= SUPPLIED DATA =
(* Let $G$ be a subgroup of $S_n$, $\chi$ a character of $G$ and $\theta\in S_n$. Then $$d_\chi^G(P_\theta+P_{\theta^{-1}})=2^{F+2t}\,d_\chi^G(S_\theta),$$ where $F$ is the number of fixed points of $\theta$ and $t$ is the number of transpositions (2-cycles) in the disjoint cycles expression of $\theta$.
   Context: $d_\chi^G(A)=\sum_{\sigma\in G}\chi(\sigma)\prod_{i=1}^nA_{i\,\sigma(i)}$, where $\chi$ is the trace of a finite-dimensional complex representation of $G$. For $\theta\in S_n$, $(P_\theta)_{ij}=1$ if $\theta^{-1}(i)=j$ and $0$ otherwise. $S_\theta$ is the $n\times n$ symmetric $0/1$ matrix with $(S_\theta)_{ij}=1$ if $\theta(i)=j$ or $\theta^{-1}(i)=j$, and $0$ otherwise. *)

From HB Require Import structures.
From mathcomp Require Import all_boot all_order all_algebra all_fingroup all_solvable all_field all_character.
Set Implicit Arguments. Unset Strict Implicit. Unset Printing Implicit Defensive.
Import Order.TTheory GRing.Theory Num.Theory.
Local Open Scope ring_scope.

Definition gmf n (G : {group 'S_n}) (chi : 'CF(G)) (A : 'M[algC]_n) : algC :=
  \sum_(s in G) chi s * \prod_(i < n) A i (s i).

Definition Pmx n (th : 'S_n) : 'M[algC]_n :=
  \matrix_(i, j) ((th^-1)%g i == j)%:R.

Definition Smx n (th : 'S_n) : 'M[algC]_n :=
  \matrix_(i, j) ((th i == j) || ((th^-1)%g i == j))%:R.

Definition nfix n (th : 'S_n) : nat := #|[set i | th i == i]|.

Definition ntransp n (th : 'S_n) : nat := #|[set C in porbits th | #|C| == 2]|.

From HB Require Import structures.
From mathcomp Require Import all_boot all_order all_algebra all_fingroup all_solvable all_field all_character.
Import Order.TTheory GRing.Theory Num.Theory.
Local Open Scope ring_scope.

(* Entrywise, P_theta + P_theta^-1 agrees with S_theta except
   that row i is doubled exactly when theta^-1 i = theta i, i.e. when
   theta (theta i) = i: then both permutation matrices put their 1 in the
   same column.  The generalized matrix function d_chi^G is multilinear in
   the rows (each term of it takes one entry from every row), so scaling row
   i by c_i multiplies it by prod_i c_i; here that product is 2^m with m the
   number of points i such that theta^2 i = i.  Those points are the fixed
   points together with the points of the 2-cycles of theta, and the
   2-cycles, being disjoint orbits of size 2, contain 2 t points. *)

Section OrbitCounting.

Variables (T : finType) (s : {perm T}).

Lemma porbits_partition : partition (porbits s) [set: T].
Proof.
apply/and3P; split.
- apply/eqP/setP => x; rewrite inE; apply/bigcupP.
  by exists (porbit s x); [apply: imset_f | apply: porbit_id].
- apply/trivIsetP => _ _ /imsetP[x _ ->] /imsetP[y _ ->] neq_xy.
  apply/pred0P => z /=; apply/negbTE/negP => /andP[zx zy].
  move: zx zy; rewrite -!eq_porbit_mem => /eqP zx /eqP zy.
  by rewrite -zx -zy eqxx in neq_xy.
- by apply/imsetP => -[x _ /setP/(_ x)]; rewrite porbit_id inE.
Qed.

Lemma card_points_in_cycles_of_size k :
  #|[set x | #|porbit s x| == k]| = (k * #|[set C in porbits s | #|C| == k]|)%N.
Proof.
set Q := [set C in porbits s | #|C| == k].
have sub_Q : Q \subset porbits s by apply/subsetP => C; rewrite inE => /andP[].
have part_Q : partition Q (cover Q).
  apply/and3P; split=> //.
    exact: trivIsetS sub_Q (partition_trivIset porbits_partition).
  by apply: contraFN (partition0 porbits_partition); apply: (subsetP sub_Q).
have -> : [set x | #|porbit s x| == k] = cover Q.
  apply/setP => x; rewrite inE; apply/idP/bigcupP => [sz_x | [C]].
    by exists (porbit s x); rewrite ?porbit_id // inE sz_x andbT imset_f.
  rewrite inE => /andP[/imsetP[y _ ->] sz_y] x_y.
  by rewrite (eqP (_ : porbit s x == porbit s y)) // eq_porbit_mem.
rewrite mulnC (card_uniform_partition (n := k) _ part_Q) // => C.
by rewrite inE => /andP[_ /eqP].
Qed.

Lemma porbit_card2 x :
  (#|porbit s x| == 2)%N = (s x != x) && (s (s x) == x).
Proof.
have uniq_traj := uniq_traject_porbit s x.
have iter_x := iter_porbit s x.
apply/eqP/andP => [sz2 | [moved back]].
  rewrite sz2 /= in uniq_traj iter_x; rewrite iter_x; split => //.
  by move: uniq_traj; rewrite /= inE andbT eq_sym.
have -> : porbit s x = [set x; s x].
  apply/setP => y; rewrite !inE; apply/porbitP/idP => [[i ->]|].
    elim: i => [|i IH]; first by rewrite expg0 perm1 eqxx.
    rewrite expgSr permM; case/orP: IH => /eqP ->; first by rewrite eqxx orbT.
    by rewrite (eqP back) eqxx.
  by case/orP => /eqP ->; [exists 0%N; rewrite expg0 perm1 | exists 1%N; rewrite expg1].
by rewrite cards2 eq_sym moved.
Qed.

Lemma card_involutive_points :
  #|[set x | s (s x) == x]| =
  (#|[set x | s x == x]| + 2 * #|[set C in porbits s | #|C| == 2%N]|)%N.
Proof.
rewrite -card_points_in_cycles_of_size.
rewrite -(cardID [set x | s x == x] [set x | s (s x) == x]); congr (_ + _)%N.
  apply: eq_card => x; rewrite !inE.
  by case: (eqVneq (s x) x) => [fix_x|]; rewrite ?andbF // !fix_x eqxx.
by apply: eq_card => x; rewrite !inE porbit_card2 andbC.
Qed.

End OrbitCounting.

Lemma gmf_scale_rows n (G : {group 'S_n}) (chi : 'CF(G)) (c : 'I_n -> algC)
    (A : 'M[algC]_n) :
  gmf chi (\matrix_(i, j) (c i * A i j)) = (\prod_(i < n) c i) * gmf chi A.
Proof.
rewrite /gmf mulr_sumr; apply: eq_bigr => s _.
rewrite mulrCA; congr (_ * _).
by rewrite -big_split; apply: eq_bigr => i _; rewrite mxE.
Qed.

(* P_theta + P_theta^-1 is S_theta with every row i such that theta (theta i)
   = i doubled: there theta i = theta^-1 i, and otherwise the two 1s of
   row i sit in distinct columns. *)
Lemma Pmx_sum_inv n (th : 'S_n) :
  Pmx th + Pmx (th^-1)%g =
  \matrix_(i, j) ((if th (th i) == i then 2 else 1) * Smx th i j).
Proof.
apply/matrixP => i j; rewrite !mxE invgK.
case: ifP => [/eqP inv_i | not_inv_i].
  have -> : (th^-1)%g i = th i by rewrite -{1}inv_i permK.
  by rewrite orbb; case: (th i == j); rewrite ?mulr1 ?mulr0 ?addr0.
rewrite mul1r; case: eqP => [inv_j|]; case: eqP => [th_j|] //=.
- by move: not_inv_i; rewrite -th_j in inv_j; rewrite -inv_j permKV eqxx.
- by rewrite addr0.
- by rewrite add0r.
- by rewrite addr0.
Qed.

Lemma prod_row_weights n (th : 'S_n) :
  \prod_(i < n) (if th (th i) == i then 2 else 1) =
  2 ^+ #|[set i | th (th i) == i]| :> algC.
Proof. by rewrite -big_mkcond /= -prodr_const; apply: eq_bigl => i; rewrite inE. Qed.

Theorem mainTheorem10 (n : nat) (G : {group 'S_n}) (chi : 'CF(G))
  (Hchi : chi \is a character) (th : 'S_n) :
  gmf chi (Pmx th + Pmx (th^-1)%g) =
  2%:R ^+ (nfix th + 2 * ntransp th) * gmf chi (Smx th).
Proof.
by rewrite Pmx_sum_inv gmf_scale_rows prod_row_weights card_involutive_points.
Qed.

= TASK STATEMENT =
The reply should consist solely of the lines above from the one that has "Lemma card_points_in_cycles_of_size k" through the one that has "have sub_Q : Q", reproduced exactly.

= WRITTEN REPLY =
Lemma card_points_in_cycles_of_size k :
  #|[set x | #|porbit s x| == k]| = (k * #|[set C in porbits s | #|C| == k]|)%N.
Proof.
set Q := [set C in porbits s | #|C| == k].
have sub_Q : Q \subset porbits s by apply/subsetP => C; rewrite inE => /andP[].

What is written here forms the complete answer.